All I remember about being 18 is that everything felt like the end of the world. This week, as a 27-year-old woman, I’m here to tell you that all you have to look forward to is everything.
“What advice would you give an 18 yr old introverted female, who is also a college freshman and an aspiring writer, on making the most of college and living life to the fullest? You are an inspiration, both by way of your breathtaking prose as well as your take on life in general, and I’d love to hear you weigh in on this.”
If you are 18 and you are already asking that kind of question that thoughtfully, you are well on your way to living a life worth telling. If I could tell my 18-year-old self anything, it would be this: write it down. Write down everything because you will forget it. Keep it for yourself. Keep it on paper in leather-bound notebooks and stock pile them. Turns of phrases that haunt you, poems that rhyme too much and not at all, unexpected twists that catch you and your breath. And for the love of science, go to class.
Go to class and watch for when the professor’s speech pattern speeds up, when they’re passionate about something they’ve been covering for years. Get B’s and C’s because even though you go to class, you should go to the party and you should see the show and you should exhaust yourself. At least once, work as a waitress so you can learn how to tip and how to survive if you need to. Look for the compliments in criticism. When someone says your writing is too flowery, let it bloom. When someone says your skirt is too short, revel in your confidence in your body. When someone says there’s no future in an English major, know that you are made of courage and passion. An hour of Candy Crush will never be as fulfilling as writing a letter to your mom, telling her what she means to you. A pile of new clothes will never be as incredible as showing up on your best friend’s doorstep across the country unexpectedly. A new computer will never mean as much as the weeks you could backpack through South America. Respect your time, your wishes, your body, your feelings, your passions, your opinions, and your right to do with all of them what you please.
But above all else, remember the power of kindness. Be kind to the barista that didn’t make your latte correctly because he’s making $7.50 an hour. Be kind to the bus driver who didn’t greet you because this is her third straight shift. Be kind to the boss who didn’t sleep because the baby needs to go to the doctor, again. Be kind to your parents, to your enemies, to your self. It will make you happier and in the long run, it will bring so much more into your life, and how easy is it to write a story when the story comes to you? Be a beacon of light and guide your dreams to the shore.
“I’ve never been on a date. I don’t even think a guy has liked me. ever. and I’m 19, almost 20. I feel so pathetic. I’ve never even had my first kiss. Everyone around me has had theirs, and most of them have boyfriends. I feel like it’s just never going to happen, but I want it to happen so bad. I want to get married one day and have a family. How am I going to do that if a guy never likes me back?”
Rent the movie Never Been Kissed even if you’ve already seen it. Never Been Kissed is a real film about a plausible world in which Drew Barrymore, noted hot person, hadn’t been kissed as an adult grown up with a job at an indeterminate age. While you shouldn’t go poaching for a man in a high school, you should learn to frame your life with romance rather than pathos. What wonders you have to look forward to! What drama and passion and life! What a story you will be able to tell. But that story can’t begin if you’re moping and mourning a plot you haven’t even begun to develop.
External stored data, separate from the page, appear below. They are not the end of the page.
(* Suppose Assumption A holds with $\beta,\gamma\in(0,\infty)$, fix $\mu>0$ and $\sigma\in\mathcal X$, and let $\pi^{\mu,\sigma}$ be a perturbed equilibrium. Run MD-SP with full feedback and constant learning rate $$\eta\in\Big(0,\frac{2\mu\gamma\rho^2}{\mu^2\gamma\rho^2(\gamma+2\beta)+8L^2}\Big).$$ Then for every initial profile $\pi^0\in\mathcal X$ and every $t\ge1$, $$D_\psi(\pi^{\mu,\sigma},\pi^t)\le D_\psi(\pi^{\mu,\sigma},\pi^0)\Big(1-\frac{\eta\mu\gamma}{2}\Big)^t.$$
   Context: Game. Let $N\ge1$. For each $i\in[N]$, $\mathcal X_i\subseteq\mathbb R^{d_i}$ is a nonempty compact convex set, and $\mathcal X=\prod_i\mathcal X_i$. Each $v_i:\mathcal X\to\mathbb R$ is differentiable, with block gradient $\nabla_{\pi_i}v_i$. The norm is Euclidean, with $\|\pi\|^2=\sum_i\|\pi_i\|^2$. The game is monotone: $\sum_i\langle\nabla_{\pi_i}v_i(\pi)-\nabla_{\pi_i}v_i(\pi'),\pi_i-\pi_i'\rangle\le0$. The game is $L$-smooth: $\sum_i\|\nabla_{\pi_i}v_i(\pi)-\nabla_{\pi_i}v_i(\pi')\|^2\le L^2\|\pi-\pi'\|^2$. Regularizer. $\psi:\mathcal X_i\to\mathbb R$ is differentiable on $\mathcal X_i$ and $\rho$-strongly convex with respect to $\|\cdot\|$ ($\rho>0$). Bregman divergence: $D_\psi(x,y)=\psi(x)-\psi(y)-\langle\nabla\psi(y),x-y\rangle$, and $D_\psi(\pi,\pi')=\sum_iD_\psi(\pi_i,\pi_i')$. Perturbation. $G:\mathcal X_i\times\mathcal X_i\to[0,\infty)$ is differentiable in its first argument, with gradient $\nabla_{\pi_i}G$ in that argument. $G(\cdot,\sigma_i)$ is strictly convex with minimum value $0$ at $\sigma_i$. For $\mu>0$ and $\sigma\in\mathcal X$, $\pi^{\mu,\sigma}$ is a profile with $\pi_i^{\mu,\sigma}\in\arg\max_{\pi_i}\{v_i(\pi_i,\pi^{\mu,\sigma}_{-i})-\mu G(\pi_i,\sigma_i)\}$ for all $i$. Assumption A: for all $\sigma_i,\pi_i,\pi_i'\in\mathcal X_i$, $$\gamma D_\psi(\pi_i',\pi_i)\le G(\pi_i',\sigma_i)-G(\pi_i,\sigma_i)-\langle\nabla_{\pi_i}G(\pi_i,\sigma_i),\pi_i'-\pi_i\rangle\le\beta D_\psi(\pi_i',\pi_i).$$ MD-SP with full feedback: $$\pi_i^{t+1}=\arg\max_{x\in\mathcal X_i}\{\eta_t\langle\nabla_{\pi_i}v_i(\pi^t)-\mu\nabla_{\pi_i}G(\pi_i^t,\sigma_i),x\rangle-D_\psi(x,\pi_i^t)\}.$$ *)

From HB Require Import structures.
From mathcomp Require Import all_boot all_order all_algebra.
From mathcomp Require Import all_classical all_reals all_analysis.
Set Implicit Arguments. Unset Strict Implicit. Unset Printing Implicit Defensive.
Import Order.TTheory GRing.Theory Num.Theory.
Local Open Scope ring_scope.
Local Open Scope classical_set_scope.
It’s true what they say, when you love yourself and you are living your best life, people gravitate to you. You are window-shopping other people’s lives and paying no attention to your own. You want someone to like you? Darling, you think you’re pathetic! That’s not a state in which you want someone to like you. It’s time to believe you’re worthy of love, not just vex over why it hasn’t found you. And sorry honeybuns, but that’s going to be a battle. Get your armor because you have shit to do. Throw yourself into your hobbies, your passions, your curiosities. Work hard, play hard and invest yourself in your life. Build the kind of home within yourself that someone else would love to live in. Because that’s when you find love, when you’ve made yourself easy to love.